Stored data:
------------------------

(* For every finite simple undirected graph $G$ and every nonnegative integer $k$, $\chi(\mathsf{TS}_k(G)) \leq \chi(J(\chi(G), k))$.
   Context: $\chi(H)$ is the chromatic number of $H$ (zero for the graph with no vertices). A $k$-clique is a set of $k$ pairwise adjacent vertices. $\mathsf{TS}_k(G)$ is the graph whose vertices are the $k$-cliques of $G$, two $k$-cliques $C, C'$ being adjacent iff there are vertices $u,v$ with $C \setminus C' = \{u\}$, $C' \setminus C = \{v\}$ and $uv \in E(G)$. The Johnson graph $J(n,k)$ has as vertices the $k$-element subsets of an $n$-element set, two being adjacent iff their intersection has exactly $k-1$ elements. *)

From mathcomp Require Import all_boot.
Set Implicit Arguments. Unset Strict Implicit. Unset Printing Implicit Defensive.

Definition colourable (V : finType) (adj : rel V) (c : nat) : bool :=
  [exists f : {ffun V -> 'I_c}, [forall x, forall y, adj x y ==> (f x != f y)]].

(* Chromatic number: least c (<= #|V|) such that the graph is c-colourable.
   For loopless graphs such a c always exists (c = #|V|); the graph with no
   vertices has chromatic number 0. *)
Definition chi (V : finType) (adj : rel V) : nat :=
  find (colourable adj) (iota 0 #|V|.+1).

Definition simple_graph (T : finType) (e : rel T) : Prop :=
  symmetric e /\ irreflexive e.

Definition is_clique (T : finType) (e : rel T) (C : {set T}) : bool :=
  [forall x in C, forall y in C, (x != y) ==> e x y].

Definition kclique (T : finType) (e : rel T) (k : nat) (C : {set T}) : bool :=
  is_clique e C && (#|C| == k).

Definition TSvert (T : finType) (e : rel T) (k : nat) : finType :=
  {C : {set T} | kclique e k C}.

Definition TSadj (T : finType) (e : rel T) (k : nat) : rel (TSvert e k) :=
  fun C C' => [exists u : T, exists v : T,
    [&& val C :\: val C' == [set u], val C' :\: val C == [set v] & e u v]].

Definition Jvert (n k : nat) : finType := {S : {set 'I_n} | #|S| == k}.

Definition Jadj (n k : nat) : rel (Jvert n k) :=
  fun S S' => #|val S :&: val S'|.+1 == k.

From mathcomp Require Import all_boot.

Set Implicit Arguments.
Unset Strict Implicit.
Unset Printing Implicit Defensive.

(* A proper colouring f of G with chi(G) colours sends every k-clique C
   injectively onto the k-set f(C) of colours.  If C and C' are adjacent in
   TS_k(G), then C :|: C' is a (k+1)-clique, so f is injective on it and
   f(C) :&: f(C') = f(C :&: C') has k - 1 elements.  Hence C |-> f(C) is a
   graph homomorphism TS_k(G) -> J(chi(G), k), and chromatic numbers do not
   decrease along graph homomorphisms. *)

Section ChromaticNumber.

Variables (V : finType) (adj : rel V).

Lemma colourableP c :
  reflect (exists f : V -> 'I_c, forall x y, adj x y -> f x != f y)
          (colourable adj c).
Proof.
apply: (iffP existsP) => [[f /forallP fP] | [f fP]].
  by exists f => x y; move: (fP x) => /forallP/(_ y)/implyP.
exists [ffun x => f x]; apply/forallP=> x; apply/forallP=> y.
by apply/implyP=> /fP; rewrite !ffunE.
Qed.

Hypothesis adj_irr : irreflexive adj.

Lemma colourable_card : colourable adj #|V|.
Proof.
apply/colourableP; exists enum_rank => x y adj_xy.
by apply: contraTneq adj_xy => /enum_rank_inj ->; rewrite adj_irr.
Qed.

Lemma chi_colourable : colourable adj (chi adj).
Proof.
have has_col : has (colourable adj) (iota 0 #|V|.+1).
  apply/hasP; exists #|V|; last exact: colourable_card.
  by rewrite mem_iota add0n ltnSn.
have := nth_find 0 has_col; rewrite nth_iota ?add0n //.
by rewrite -[X in _ < X](size_iota 0) -has_find.
Qed.

Lemma chi_min c : colourable adj c -> chi adj <= c.
Proof.
have chi_le d : colourable adj d -> d <= #|V| -> chi adj <= d.
  move=> col_d le_dV; rewrite leqNgt; apply: contraPN col_d => lt_d.
  by have := before_find 0 lt_d; rewrite nth_iota ?add0n // => ->.
move=> col_c; have [le_cV | lt_Vc] := leqP c #|V|; first exact: chi_le.
by apply: leq_trans (ltnW lt_Vc); apply: chi_le colourable_card _.
Qed.

End ChromaticNumber.

Section Homomorphism.

Variables (V W : finType) (adjV : rel V) (adjW : rel W) (h : V -> W).
Hypothesis h_hom : {homo h : x y / adjV x y >-> adjW x y}.

Lemma colourable_hom c : colourable adjW c -> colourable adjV c.
Proof.
move=> /colourableP[f f_proper]; apply/colourableP.
by exists (f \o h) => x y /h_hom /f_proper.
Qed.

Lemma chi_hom : irreflexive adjW -> chi adjV <= chi adjW.
Proof.
move=> adjW_irr; have adjV_irr : irreflexive adjV.
  by move=> x; apply: contraFF (adjW_irr (h x)) => /h_hom.
exact/chi_min/colourable_hom/chi_colourable.
Qed.

End Homomorphism.

Lemma Jadj_irreflexive n k : irreflexive (@Jadj n k).
Proof. by move=> S; rewrite /Jadj setIid (eqP (valP S)) eqn_leq ltnn. Qed.

Section TokenSliding.

Variables (T : finType) (e : rel T).

Lemma is_cliqueP (C : {set T}) :
  reflect {in C &, forall x y, x != y -> e x y} (is_clique e C).
Proof.
apply: (iffP forall_inP) => [clC x y xC yC | clC x xC].
  by move: (clC x xC) => /forall_inP/(_ y yC)/implyP.
by apply/forall_inP=> y yC; apply/implyP; apply: clC.
Qed.

Lemma proper_colouring_inj_clique c (f : T -> 'I_c) (C : {set T}) :
  (forall x y, e x y -> f x != f y) -> is_clique e C -> {in C &, injective f}.
Proof.
move=> f_proper /is_cliqueP clC x y xC yC fxy; apply: contraTeq isT => neq_xy.
by have := f_proper _ _ (clC x y xC yC neq_xy); rewrite fxy eqxx.
Qed.

Variable k : nat.

Lemma TSvert_clique (C : TSvert e k) : is_clique e (val C).
Proof. by case/andP: (valP C). Qed.

Lemma TSvert_card (C : TSvert e k) : #|val C| = k.
Proof. by case/andP: (valP C) => _ /eqP. Qed.

Lemma TSadj_card_setI (C C' : TSvert e k) :
  @TSadj T e k C C' -> #|val C :&: val C'|.+1 = k.
Proof.
case/existsP=> u /existsP[v /and3P[/eqP CDC' _ _]].
by rewrite -addn1 -(cards1 u) -CDC' cardsID TSvert_card.
Qed.

Hypothesis e_sym : symmetric e.

Lemma TSadj_cliqueU (C C' : TSvert e k) :
  @TSadj T e k C C' -> is_clique e (val C :|: val C').
Proof.
case/existsP=> u /existsP[v /and3P[/eqP CDC' /eqP C'DC e_uv]].
have cross a b : a \in val C :\: val C' -> b \in val C' :\: val C -> e a b.
  by rewrite CDC' C'DC => /set1P-> /set1P->.
have /is_cliqueP clC := TSvert_clique C.
have /is_cliqueP clC' := TSvert_clique C'.
apply/is_cliqueP=> x y xCC' yCC' neq_xy.
have [xC' | xNC'] := boolP (x \in val C');
  have [yC' | yNC'] := boolP (y \in val C').
- exact: clC'.
- have yC : y \in val C by case/setUP: yCC' => //; rewrite (negPf yNC').
  have [xC | xNC] := boolP (x \in val C); first exact: clC.
  by rewrite e_sym; apply: cross; rewrite inE ?yNC' ?xNC.
- have xC : x \in val C by case/setUP: xCC' => //; rewrite (negPf xNC').
  have [yC | yNC] := boolP (y \in val C); first exact: clC.
  by apply: cross; rewrite inE ?xNC' ?yNC.
- by apply: clC => //; [case/setUP: xCC' | case/setUP: yCC'];
     rewrite ?(negPf xNC') ?(negPf yNC').
Qed.

Variables (c : nat) (f : T -> 'I_c).
Hypothesis f_proper : forall x y, e x y -> f x != f y.

Lemma card_clique_colours (C : TSvert e k) : #|f @: val C| == k.
Proof.
rewrite card_in_imset ?TSvert_card //.
exact/proper_colouring_inj_clique/TSvert_clique.
Qed.

Definition clique_colours (C : TSvert e k) : Jvert c k :=
  Sub (f @: val C) (card_clique_colours C).

Lemma clique_colours_hom :
  {homo clique_colours : C C' / @TSadj T e k C C' >-> @Jadj c k C C'}.
Proof.
move=> C C' adjCC'.
have injCC' := proper_colouring_inj_clique f_proper (TSadj_cliqueU adjCC').
rewrite /Jadj /= -imsetI => [|x y xC yC']; last first.
  by apply: injCC'; rewrite inE ?xC ?yC' ?orbT.
rewrite card_in_imset ?TSadj_card_setI // => x y /setIP[xC _] /setIP[yC _].
by apply: injCC'; rewrite inE ?xC ?yC.
Qed.

End TokenSliding.

Theorem proposition3p3 (T : finType) (e : rel T) (k : nat) :
  simple_graph e ->
  chi (@TSadj T e k) <= chi (@Jadj (chi e) k).
Proof.
case=> e_sym e_irr.
have /colourableP[f f_proper] := chi_colourable e_irr.
exact: chi_hom (clique_colours_hom e_sym f_proper) (@Jadj_irreflexive _ k).
Qed.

------------------------

## YOUR OBJECTIVE
Looking at the data above, write out exactly the lines that start at the one containing "Definition TSadj (T" and end at the one containing "decrease along graph homomorphisms. *)"; include both and nothing beyond.

## ANSWER BOX
Definition TSadj (T : finType) (e : rel T) (k : nat) : rel (TSvert e k) :=
  fun C C' => [exists u : T, exists v : T,
    [&& val C :\: val C' == [set u], val C' :\: val C == [set v] & e u v]].

Definition Jvert (n k : nat) : finType := {S : {set 'I_n} | #|S| == k}.

Definition Jadj (n k : nat) : rel (Jvert n k) :=
  fun S S' => #|val S :&: val S'|.+1 == k.

From mathcomp Require Import all_boot.

Set Implicit Arguments.
Unset Strict Implicit.
Unset Printing Implicit Defensive.

(* A proper colouring f of G with chi(G) colours sends every k-clique C
   injectively onto the k-set f(C) of colours.  If C and C' are adjacent in
   TS_k(G), then C :|: C' is a (k+1)-clique, so f is injective on it and
   f(C) :&: f(C') = f(C :&: C') has k - 1 elements.  Hence C |-> f(C) is a
   graph homomorphism TS_k(G) -> J(chi(G), k), and chromatic numbers do not
   decrease along graph homomorphisms. *)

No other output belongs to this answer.